* **Exercise**
Would you reproduce exactly the lines below from the one holding "rewrite big_pair_curry; apply: eq_bigr" through the one holding "by rewrite /delta_s", inclusive, and no others?

(Material to process begins)

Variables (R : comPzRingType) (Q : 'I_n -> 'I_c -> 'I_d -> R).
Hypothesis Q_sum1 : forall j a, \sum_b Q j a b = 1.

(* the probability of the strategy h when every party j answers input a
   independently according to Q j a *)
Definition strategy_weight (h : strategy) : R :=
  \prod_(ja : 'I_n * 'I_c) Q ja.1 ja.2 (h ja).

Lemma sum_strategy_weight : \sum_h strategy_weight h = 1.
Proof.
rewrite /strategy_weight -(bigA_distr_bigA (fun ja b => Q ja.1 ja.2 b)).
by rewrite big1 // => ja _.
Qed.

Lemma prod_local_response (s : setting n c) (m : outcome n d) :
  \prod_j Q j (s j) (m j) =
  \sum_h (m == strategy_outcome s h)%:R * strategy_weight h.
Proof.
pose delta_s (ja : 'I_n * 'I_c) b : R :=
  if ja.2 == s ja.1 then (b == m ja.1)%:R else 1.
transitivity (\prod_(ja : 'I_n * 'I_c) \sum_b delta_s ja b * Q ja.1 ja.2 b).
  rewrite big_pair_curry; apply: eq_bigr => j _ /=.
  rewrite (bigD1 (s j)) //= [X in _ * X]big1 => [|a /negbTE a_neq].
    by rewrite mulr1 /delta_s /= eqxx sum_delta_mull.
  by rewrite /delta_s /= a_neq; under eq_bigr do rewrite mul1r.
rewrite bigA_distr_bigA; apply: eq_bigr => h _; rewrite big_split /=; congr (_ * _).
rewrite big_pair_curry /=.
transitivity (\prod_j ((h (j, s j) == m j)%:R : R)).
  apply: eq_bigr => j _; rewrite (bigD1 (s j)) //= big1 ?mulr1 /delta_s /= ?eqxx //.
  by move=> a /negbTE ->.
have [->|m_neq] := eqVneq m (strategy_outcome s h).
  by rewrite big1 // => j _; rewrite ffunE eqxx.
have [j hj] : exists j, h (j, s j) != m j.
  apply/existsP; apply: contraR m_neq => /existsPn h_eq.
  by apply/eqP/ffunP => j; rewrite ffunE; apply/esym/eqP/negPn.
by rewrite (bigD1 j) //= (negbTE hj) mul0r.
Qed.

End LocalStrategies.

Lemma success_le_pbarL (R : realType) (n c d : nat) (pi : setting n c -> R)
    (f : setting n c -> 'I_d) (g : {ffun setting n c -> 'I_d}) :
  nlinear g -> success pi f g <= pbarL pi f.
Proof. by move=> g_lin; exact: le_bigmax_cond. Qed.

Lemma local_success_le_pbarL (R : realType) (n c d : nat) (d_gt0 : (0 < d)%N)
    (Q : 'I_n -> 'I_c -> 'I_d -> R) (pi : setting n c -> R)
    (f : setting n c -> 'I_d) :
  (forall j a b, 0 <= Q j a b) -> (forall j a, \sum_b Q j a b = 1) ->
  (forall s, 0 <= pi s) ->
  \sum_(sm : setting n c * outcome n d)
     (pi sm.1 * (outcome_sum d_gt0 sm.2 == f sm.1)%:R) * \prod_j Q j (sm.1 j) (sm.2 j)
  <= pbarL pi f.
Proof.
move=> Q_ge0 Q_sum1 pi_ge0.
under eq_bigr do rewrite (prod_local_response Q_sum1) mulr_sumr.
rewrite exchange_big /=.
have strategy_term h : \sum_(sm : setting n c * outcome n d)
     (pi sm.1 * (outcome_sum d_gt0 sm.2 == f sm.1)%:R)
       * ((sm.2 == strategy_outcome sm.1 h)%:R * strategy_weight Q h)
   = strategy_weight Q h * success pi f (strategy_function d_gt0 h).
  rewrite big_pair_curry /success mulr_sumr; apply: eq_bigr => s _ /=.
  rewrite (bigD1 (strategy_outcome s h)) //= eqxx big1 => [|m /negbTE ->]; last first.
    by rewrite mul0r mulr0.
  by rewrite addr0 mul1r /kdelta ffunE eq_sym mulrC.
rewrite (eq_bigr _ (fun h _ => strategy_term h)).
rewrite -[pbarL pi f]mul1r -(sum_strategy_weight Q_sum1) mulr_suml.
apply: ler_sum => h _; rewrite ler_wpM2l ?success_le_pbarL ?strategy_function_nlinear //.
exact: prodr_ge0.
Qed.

(Material to process ends)
(Material to process begins)

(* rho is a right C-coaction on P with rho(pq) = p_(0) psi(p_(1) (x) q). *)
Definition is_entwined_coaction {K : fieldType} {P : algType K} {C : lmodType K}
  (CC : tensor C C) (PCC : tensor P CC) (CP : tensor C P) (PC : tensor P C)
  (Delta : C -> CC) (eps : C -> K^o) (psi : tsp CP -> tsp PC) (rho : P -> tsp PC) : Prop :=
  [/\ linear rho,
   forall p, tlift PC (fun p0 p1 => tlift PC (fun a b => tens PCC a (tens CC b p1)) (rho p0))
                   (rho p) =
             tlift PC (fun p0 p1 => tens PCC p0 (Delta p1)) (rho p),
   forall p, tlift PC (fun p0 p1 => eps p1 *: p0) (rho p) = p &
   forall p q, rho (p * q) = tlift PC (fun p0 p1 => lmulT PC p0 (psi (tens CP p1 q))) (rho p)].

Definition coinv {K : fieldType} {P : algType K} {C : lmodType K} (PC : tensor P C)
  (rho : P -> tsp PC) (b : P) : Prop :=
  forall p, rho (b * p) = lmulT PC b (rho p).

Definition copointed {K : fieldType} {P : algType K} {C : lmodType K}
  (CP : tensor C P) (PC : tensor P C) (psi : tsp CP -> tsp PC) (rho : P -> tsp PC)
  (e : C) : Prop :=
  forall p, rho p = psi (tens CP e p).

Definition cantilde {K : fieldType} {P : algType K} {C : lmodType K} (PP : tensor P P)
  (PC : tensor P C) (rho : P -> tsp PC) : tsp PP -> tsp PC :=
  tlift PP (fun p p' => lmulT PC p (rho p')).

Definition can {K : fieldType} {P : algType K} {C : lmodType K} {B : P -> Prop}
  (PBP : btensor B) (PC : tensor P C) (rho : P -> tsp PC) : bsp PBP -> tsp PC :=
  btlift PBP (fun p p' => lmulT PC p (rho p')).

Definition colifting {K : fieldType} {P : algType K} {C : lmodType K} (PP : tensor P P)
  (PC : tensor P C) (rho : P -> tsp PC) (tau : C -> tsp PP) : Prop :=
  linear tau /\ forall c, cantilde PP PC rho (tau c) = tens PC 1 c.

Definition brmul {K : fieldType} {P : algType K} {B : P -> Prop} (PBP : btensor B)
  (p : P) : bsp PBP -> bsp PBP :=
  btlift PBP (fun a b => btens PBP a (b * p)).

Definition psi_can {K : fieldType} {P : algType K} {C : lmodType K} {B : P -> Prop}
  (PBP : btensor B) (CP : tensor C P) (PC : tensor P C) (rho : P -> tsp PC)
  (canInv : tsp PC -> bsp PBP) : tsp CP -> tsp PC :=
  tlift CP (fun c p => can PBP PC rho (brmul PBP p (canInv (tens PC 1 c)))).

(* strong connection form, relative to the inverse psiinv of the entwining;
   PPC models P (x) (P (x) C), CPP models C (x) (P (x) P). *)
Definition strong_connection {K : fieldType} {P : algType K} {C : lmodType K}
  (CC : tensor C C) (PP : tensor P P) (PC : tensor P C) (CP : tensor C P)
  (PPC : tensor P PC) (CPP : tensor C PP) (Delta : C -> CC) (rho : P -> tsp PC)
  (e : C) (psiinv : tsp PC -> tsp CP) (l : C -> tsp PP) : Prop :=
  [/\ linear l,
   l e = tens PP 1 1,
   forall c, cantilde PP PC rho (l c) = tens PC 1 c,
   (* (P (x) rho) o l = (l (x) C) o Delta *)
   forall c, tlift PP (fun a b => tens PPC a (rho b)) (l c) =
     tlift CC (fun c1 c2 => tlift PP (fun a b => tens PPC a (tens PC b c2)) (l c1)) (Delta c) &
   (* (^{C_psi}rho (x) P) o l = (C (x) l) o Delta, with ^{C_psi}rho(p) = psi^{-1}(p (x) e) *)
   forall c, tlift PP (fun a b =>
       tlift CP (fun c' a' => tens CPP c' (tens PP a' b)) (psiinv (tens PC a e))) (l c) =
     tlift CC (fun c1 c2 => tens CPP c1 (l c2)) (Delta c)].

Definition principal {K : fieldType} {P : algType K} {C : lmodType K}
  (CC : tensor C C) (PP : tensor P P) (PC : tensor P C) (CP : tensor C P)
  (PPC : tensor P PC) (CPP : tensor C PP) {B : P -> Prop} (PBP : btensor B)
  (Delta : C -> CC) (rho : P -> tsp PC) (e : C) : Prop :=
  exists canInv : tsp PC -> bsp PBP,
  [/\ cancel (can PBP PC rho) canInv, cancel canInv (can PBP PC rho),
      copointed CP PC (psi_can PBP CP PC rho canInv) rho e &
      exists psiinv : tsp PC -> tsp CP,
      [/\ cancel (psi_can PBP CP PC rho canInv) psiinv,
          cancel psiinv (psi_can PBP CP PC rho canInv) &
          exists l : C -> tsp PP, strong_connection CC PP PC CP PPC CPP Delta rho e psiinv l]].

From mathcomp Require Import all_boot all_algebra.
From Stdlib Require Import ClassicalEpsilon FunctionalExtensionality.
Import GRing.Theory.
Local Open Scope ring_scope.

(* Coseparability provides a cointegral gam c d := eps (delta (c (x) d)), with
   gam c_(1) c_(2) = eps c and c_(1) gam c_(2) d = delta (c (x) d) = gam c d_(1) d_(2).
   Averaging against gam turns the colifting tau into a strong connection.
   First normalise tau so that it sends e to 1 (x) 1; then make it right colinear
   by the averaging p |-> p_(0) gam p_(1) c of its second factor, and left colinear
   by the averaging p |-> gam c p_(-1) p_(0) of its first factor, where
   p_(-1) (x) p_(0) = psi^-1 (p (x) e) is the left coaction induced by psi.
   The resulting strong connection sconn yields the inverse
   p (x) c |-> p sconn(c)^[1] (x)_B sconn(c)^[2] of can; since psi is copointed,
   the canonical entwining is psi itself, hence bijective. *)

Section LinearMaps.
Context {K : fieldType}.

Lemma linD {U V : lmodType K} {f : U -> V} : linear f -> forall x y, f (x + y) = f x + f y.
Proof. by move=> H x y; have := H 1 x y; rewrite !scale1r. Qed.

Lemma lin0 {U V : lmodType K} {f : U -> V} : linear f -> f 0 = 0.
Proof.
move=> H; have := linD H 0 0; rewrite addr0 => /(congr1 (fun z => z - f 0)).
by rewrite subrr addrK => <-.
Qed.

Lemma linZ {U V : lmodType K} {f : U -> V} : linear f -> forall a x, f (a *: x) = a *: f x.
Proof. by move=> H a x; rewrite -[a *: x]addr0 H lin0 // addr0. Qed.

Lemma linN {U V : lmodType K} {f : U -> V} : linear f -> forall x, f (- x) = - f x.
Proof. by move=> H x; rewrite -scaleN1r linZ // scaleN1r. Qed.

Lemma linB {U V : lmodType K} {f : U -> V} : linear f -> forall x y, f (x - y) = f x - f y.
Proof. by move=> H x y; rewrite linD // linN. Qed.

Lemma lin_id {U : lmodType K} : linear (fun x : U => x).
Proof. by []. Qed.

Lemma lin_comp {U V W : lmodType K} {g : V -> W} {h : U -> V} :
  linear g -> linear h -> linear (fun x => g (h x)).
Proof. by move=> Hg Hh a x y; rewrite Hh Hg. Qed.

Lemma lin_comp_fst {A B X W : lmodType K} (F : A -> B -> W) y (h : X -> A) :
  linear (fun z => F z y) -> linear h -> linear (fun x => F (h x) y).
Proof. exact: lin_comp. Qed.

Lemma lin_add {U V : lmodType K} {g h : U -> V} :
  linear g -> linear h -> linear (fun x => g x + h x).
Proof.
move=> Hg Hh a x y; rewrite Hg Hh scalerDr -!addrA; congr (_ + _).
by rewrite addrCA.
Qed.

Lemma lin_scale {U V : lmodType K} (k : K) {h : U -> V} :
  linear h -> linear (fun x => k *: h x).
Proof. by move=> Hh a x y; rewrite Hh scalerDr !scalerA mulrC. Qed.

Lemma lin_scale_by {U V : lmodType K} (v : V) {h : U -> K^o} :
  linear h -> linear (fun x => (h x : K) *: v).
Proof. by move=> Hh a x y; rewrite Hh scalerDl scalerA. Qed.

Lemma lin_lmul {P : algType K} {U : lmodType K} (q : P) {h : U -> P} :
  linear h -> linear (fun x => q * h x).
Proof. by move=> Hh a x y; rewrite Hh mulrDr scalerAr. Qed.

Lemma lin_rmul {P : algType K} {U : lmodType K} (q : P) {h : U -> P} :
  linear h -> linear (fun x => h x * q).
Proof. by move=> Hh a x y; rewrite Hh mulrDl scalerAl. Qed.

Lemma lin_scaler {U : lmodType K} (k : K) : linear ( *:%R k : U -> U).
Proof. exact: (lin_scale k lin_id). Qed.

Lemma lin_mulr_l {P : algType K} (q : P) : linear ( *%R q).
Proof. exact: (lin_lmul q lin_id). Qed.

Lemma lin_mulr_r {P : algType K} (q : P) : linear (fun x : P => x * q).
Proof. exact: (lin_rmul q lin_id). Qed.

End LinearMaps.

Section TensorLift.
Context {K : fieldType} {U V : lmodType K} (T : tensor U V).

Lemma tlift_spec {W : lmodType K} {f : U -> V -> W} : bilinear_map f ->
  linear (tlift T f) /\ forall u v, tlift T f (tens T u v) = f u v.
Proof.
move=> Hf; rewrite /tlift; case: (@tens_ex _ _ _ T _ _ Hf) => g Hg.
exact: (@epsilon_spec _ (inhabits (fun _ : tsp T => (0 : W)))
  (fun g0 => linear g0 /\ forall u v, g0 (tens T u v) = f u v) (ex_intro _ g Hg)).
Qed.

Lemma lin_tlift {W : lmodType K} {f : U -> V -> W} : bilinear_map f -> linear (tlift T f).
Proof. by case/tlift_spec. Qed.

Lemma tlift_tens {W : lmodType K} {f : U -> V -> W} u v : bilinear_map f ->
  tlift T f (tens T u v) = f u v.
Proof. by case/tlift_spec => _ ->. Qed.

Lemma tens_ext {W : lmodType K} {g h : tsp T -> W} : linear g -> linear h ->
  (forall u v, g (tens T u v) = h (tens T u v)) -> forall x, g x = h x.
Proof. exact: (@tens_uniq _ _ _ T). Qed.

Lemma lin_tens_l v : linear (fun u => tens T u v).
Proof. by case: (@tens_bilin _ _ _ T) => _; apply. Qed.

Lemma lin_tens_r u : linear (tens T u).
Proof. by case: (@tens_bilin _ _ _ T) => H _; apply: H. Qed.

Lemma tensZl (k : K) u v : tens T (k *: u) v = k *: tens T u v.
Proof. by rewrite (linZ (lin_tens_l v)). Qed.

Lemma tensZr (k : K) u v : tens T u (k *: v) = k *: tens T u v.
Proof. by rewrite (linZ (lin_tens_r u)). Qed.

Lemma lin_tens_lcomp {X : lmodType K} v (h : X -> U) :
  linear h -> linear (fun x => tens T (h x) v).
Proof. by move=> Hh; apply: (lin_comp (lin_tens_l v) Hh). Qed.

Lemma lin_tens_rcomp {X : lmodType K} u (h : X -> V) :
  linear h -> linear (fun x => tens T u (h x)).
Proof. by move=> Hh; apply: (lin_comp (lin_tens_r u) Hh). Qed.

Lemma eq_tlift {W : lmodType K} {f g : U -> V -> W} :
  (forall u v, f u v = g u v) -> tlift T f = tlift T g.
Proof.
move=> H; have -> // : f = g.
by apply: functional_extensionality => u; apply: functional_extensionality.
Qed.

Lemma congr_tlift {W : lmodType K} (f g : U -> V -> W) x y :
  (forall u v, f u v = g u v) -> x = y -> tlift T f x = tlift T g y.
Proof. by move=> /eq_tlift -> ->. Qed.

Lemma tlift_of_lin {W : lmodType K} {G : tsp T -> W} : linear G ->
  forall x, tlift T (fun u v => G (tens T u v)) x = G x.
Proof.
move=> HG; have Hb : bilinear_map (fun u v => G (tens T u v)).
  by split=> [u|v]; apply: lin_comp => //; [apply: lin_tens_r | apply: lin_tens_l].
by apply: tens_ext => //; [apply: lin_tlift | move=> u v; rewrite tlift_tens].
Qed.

(Material to process ends)
(Material to process begins)

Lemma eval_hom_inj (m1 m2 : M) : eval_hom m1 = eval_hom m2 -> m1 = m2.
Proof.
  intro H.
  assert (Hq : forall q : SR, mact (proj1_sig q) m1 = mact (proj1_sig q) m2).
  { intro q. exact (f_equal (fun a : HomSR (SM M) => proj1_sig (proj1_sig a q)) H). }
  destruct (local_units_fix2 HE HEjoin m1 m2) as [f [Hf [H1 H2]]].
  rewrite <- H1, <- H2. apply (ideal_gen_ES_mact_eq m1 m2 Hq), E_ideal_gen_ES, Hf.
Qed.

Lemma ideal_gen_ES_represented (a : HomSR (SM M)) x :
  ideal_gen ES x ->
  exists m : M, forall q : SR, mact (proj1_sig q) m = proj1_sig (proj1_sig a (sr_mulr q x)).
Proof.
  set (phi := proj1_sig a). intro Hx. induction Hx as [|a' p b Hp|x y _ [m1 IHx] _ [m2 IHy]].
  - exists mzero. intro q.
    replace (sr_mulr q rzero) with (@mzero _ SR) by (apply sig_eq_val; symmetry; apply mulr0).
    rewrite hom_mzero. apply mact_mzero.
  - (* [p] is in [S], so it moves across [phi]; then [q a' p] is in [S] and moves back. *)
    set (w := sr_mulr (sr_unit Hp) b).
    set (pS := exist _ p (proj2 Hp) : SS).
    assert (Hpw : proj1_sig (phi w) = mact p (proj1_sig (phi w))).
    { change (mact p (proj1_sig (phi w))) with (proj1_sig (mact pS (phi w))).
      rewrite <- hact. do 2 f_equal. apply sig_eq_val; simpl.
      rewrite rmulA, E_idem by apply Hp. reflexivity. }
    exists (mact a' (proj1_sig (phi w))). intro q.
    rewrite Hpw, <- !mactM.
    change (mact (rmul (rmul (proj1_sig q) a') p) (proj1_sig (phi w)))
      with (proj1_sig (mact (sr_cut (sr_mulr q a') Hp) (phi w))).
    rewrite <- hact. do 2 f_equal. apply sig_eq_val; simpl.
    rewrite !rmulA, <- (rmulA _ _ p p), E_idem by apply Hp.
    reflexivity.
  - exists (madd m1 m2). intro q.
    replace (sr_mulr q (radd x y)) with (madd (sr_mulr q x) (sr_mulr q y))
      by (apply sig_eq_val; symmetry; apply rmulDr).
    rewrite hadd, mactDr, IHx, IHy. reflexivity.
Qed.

(Material to process ends)

* **Response to the exercise**
  rewrite big_pair_curry; apply: eq_bigr => j _ /=.
  rewrite (bigD1 (s j)) //= [X in _ * X]big1 => [|a /negbTE a_neq].
    by rewrite mulr1 /delta_s /= eqxx sum_delta_mull.
  by rewrite /delta_s /= a_neq; under eq_bigr do rewrite mul1r.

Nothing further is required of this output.